FREE MINDS FOR THE MIDDLE EAST

Friday, April 04, 2003



Syrian maneuvers
A report in Kuwait's daily Al-Rai al-Aam on Wednesday, citing American sources, says U.S. Special Forces blew up part of the Syrian-Iraqi pipeline (between Kirkuk and Banyas), which the two countries had used to illegally transport Iraqi oil to Syria outside the oil-for-food program. The way the system worked was that Iraq would sell the oil at below-market rates to Syria, which would then use it for domestic consumption, releasing its own oil for export (obviously at market rates): this earned Syria a hefty subsidy factor estimated at some $1bn per year.

The report also said that part of the rail link between Iraq and Syria was destroyed--the line had linked Syria to Iran as well, bringing thousands of Iranian pilgrims to Shiite shrines in Damascus.

The U.S. sources told the paper that this signaled the beginning of a political campaign against Syria, after Defense Secretary Donald Rumsfeld last week accused Syria of supplying Iraq with military equipment (a charge repeated yesterday). There are some questions as to whether Syria acted as a transit point for Russian weapons, something I haven't been able to establish. The Kuwaiti story also noted that U.S. assistant secretary of state for the Middle East, William Burns, visited Damascus a few days ago and presented officials there with "firm evidence" of Rumsfeld's charge.

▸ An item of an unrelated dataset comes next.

(* Let $F$ be a local function of range $R$ satisfying conditions (i)–(iv) of the context with associated $\theta$, let $\Sigma\subseteq(0,\infty)$ be non-empty finite, $\kappa\in(0,1)$, $\mu\ge0$, $L\ge1$, $K\ge100$ integers, $z\in\mathbb L$ and $B=B_z$. Then for every $u>0$ and $\alpha\in\Sigma$: if $B$ is $(\Sigma,\kappa,\mu)$-good and $N_u(B)/\mathrm{cap}(B)\le\alpha$, then $\langle\bar e_B,L^u\rangle$ and $\langle m_B,L^u\rangle$ are smaller than $(1+\kappa)\alpha$ and $\frac1{|B|}\sum_{x\in B_R}F((L^u_{x+y})_{|y|_\infty\le R})<\theta((1+\kappa)\alpha)+\mu$; and if $B$ is $(\Sigma,\kappa,\mu)$-good and $N_u(B)/\mathrm{cap}(B)\ge\alpha$, then $\langle\bar e_B,L^u\rangle$ and $\langle m_B,L^u\rangle$ are bigger than $(1-\kappa)\alpha$ and $\frac1{|B|}\sum_{x\in B}F((L^u_{x+y})_{|y|_\infty\le R})>\theta((1-\kappa)\alpha)-\mu$. Moreover, if for each $\alpha\in\Sigma$ one has $\Sigma\cap((1-\kappa)\alpha,(1+\kappa)\alpha)=\{\alpha\}$, then whenever $B$ is $(\Sigma,\kappa,\mu)$-good, for all $u>0$ at most two elements of $\Sigma$ lie (in the wide sense) between any pair of values among $N_u(B)/\mathrm{cap}(B)$, $\langle\bar e_B,L^u\rangle$, $\langle m_B,L^u\rangle$.
   Context: $d\ge3$. Random interlacements on $\mathbb Z^d$ (governed by $\mathbb P$) are a Poisson cloud of labelled doubly-infinite continuous-time simple random walk trajectories; $L^u_x$ is the total time spent at $x$ by trajectories with label at most $u$. $B(x,r)$ is the closed sup-norm ball. Local function: an integer $R\ge0$ and $F:[0,\infty)^{B(0,R)}\to[0,\infty)$ with (i) $F$ measurable and non-decreasing in each variable; (ii) $F(0)=0$; (iii) there is $c(F)$ with $F(\ell+\ell')\le F(\ell)+c(F)(1\{\ell'\ne0\}+\sum_{|x|_\infty\le R}\ell'_x)$; (iv) $\theta(u)=\mathbb E[F((L^u_y)_{|y|_\infty\le R})]$ is continuous in $u\ge0$. $F_0$ denotes the local function $F_0(\ell)=\ell$ with $R=0$ (so $\theta(u)=u$). Boxes: $\mathbb L=L\mathbb Z^d$; for $z\in\mathbb L$, $B_z=z+[0,L)^d$ and $U_z=z+[-KL+1,KL-1)^d$ (intersected with $\mathbb Z^d$). For $B=B_z$, $U=U_z$: $N_u(B)$ is the total number of excursions from $B$ to the outer boundary $\partial U$ in all interlacement trajectories with label $\le u$; $Z^B_\ell$, $\ell\ge1$, are the successive such excursions in the interlacement trajectories (ordered by label, then in time); $L^B_{a,x}=\sum_{1\le\ell\le a}\int_0^{T_U(Z^B_\ell)}1\{Z^B_\ell(s)=x\}ds$ ($T_U$ the exit time from $U$); $F^B_{a,x}=F((L^B_{a,x+y})_{|y|_\infty\le R})$, $F^B_a=\sum_{x\in B}F^B_{a,x}$; $\langle\rho,L^B_a\rangle=\sum_x\rho(x)L^B_{a,x}$. $e_B$ is the equilibrium measure of $B$, $\mathrm{cap}(B)$ its total mass, $\bar e_B=e_B/\mathrm{cap}(B)$, $m_B$ the normalized counting measure on $B$, $\langle\rho,L^u\rangle=\sum_x\rho(x)L^u_x$, $B_R=\{x\in B:B(x,R)\subseteq B\}$. Bad events: $\mathcal B^{B,F}_{\alpha,\kappa,\mu}=\{\langle\bar e_B,L^B_{\alpha\mathrm{cap}(B)}\rangle\notin(\alpha(1-\kappa),\alpha(1+\kappa))\}\cup\{\frac1{|B|}F^B_{\alpha\mathrm{cap}(B)}\notin(\theta(\alpha(1-\kappa))-\mu,\theta(\alpha(1+\kappa))+\mu)\}$, and $\mathcal B^{B,F}_{\Sigma,\kappa,\mu}=\bigcup_{\alpha\in\Sigma}(\mathcal B^{B,F}_{\alpha,\kappa,\mu}\cup\mathcal B^{B,F_0}_{\alpha,\kappa,0})$. $B$ is $(\Sigma,\kappa,\mu)$-bad if this event occurs, $(\Sigma,\kappa,\mu)$-good otherwise. *)

From Stdlib Require Import Reals Lra Lia ZArith List Classical ClassicalEpsilon.
Open Scope R_scope.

Everything, however, is in the symbolism: the cutoffs were a warning that a postwar Iraq will not look kindly on Syria if it continues to support Saddam--a sanction with an obvious economic cost.

Al-Rai al-Aam also had another very interesting news item yesterday suggesting that the Sharif Ali, the Hashemite pretender to the Iraqi throne and leader of the Constitutional Monarchy movement, secretly visited Damascus for 24 hours last February "in response to a formal invitation. He met officials at the highest level", which means he saw Syrian president Bashar Asad. His visit was supposedly (a) to prepare for the Sharif's transit (and short residence) through Syria before his return to Iraq, (b) to see about Syrian help in setting up meetings with Iraqi tribal chiefs, (c) to see about Syria's facilitating the operations of the Constitutional Monarchists in Syria, and (d) helping them enter Iraq, by way of Mosul.

Many interesting items here: first, it shows that Asad is maneuvering for a place in postwar Iraq, something already obvious late last year when he met with the two Iraqi Kurdish leaders Massoud Barzani and Jalal Talabani; it also means that, despite the rhetoric, the Syrians are pragmatically dealing with Saddam's possible successors; it means also that whatever the talk of a fundamental rift between the U.S. and Syria, both countries can actually agree on aspects of postwar policy, since the U.S. is not at all hostile to the Sharif, quite the contrary.

And it means that a republican Baathist regime has no basic problem with assisting in the return of an Arab monarchy. That's not only a useful statement on the value of ideology in the Middle East, but perhaps recognition by Asad that he, too, is a republican monarch.